Task requirements:
Tally every line of the listing where the string "Definition" is found, and state the total alone.

_ _ _

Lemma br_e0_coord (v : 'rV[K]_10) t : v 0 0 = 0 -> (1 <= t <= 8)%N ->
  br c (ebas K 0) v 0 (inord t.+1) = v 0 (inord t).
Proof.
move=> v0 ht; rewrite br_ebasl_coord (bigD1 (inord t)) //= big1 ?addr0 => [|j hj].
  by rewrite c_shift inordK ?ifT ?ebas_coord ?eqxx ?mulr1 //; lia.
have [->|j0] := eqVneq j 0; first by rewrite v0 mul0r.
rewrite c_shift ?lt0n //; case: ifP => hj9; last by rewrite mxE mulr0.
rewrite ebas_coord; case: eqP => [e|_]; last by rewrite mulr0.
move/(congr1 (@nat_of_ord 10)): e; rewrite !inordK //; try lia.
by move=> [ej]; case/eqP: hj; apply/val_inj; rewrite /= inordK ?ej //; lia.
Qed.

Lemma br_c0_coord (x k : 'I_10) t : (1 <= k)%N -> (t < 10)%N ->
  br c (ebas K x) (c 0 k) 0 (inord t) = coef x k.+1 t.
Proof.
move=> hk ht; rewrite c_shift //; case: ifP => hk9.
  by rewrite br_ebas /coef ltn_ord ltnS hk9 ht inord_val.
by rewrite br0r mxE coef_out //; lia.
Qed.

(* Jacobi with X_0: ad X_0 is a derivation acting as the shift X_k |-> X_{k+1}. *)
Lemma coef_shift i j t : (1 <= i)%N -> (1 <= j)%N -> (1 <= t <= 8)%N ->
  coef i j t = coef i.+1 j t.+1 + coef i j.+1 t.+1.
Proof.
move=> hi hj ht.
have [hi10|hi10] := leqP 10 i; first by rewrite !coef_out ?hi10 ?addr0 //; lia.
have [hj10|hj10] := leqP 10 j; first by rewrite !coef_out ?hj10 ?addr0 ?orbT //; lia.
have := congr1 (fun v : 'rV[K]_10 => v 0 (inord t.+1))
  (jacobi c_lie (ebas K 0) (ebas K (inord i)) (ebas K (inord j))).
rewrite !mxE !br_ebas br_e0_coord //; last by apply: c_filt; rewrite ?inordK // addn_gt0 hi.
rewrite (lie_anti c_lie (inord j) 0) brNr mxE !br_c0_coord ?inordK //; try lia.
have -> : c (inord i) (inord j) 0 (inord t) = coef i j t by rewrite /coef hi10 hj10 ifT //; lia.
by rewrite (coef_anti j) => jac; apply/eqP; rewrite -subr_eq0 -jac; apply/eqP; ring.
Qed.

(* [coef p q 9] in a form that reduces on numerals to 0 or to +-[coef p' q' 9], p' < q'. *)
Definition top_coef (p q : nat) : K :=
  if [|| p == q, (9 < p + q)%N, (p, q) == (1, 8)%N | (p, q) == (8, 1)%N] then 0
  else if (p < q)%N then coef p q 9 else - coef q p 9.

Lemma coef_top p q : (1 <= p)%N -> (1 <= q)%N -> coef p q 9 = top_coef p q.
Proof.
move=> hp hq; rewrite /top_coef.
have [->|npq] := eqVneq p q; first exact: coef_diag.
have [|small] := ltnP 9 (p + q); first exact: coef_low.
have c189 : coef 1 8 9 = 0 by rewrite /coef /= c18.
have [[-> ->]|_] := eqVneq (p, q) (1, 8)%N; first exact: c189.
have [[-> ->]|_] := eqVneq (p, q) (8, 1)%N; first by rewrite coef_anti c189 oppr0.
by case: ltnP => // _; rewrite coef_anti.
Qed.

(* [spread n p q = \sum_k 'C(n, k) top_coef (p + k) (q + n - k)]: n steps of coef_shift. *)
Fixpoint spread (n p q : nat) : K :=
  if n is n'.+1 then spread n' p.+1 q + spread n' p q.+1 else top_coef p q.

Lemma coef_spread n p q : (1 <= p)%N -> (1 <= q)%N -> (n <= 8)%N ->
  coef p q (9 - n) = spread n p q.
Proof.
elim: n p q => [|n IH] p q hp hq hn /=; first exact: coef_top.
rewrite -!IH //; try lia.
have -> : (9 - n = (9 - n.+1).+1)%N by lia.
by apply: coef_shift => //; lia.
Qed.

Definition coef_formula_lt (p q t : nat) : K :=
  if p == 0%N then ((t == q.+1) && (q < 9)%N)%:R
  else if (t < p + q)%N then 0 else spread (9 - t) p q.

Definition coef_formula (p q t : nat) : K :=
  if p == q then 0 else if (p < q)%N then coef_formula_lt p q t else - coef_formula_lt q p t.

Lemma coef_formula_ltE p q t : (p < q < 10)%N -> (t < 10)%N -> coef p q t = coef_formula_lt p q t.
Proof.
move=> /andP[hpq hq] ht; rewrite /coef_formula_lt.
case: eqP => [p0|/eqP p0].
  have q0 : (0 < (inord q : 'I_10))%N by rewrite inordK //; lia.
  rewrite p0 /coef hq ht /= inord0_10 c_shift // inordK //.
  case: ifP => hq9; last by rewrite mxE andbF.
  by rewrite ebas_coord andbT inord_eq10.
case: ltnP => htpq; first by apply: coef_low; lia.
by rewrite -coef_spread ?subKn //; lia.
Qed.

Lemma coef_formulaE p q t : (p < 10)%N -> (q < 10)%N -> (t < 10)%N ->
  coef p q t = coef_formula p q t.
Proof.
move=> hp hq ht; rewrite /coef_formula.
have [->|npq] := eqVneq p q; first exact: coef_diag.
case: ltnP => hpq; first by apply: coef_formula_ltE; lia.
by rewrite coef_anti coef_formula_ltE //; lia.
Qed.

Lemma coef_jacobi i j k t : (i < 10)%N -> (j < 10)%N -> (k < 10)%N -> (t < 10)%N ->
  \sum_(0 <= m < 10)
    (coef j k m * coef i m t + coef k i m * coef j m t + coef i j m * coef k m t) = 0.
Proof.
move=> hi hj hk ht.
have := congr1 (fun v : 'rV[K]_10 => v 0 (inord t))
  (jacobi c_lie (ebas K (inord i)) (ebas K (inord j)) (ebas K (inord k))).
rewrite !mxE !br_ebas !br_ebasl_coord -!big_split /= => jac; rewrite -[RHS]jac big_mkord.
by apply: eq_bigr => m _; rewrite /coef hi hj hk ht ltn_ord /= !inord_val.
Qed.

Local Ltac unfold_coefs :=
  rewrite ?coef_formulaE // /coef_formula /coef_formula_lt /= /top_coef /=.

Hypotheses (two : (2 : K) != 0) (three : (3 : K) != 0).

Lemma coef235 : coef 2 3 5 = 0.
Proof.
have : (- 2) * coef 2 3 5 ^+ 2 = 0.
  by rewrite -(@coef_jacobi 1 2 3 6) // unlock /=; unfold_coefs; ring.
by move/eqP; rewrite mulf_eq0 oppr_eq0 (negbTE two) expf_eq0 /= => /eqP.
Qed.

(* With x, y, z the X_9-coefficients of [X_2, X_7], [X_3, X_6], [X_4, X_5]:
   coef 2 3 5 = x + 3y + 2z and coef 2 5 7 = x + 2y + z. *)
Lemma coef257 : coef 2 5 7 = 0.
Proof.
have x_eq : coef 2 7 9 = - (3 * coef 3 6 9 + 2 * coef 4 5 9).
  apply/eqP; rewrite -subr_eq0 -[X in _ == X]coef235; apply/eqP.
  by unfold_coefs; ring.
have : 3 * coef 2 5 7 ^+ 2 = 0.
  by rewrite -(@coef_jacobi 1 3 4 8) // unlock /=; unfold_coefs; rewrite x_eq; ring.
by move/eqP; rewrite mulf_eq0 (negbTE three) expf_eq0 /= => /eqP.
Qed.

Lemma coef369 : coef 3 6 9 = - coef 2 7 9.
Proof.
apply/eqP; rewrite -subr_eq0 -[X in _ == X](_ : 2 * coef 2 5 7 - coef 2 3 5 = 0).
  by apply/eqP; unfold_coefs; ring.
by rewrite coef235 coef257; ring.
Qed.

_ _ _

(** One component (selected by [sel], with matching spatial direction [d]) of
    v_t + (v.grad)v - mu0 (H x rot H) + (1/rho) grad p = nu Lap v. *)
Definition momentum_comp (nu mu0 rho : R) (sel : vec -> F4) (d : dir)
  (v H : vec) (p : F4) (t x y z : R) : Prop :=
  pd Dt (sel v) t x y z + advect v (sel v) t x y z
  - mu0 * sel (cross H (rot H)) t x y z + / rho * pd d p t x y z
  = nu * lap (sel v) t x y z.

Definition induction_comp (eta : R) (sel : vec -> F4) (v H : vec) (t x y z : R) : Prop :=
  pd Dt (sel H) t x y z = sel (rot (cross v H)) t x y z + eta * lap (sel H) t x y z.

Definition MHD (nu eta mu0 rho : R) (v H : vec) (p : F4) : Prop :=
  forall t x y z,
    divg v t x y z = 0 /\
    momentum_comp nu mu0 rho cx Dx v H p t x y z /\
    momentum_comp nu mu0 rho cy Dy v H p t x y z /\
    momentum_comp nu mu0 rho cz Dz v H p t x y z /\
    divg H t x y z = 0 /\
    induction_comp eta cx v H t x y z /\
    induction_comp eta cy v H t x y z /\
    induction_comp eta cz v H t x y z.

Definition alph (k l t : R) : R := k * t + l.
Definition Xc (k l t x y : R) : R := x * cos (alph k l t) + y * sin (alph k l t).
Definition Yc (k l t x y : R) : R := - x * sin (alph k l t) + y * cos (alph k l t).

_ _ _

Result below:
9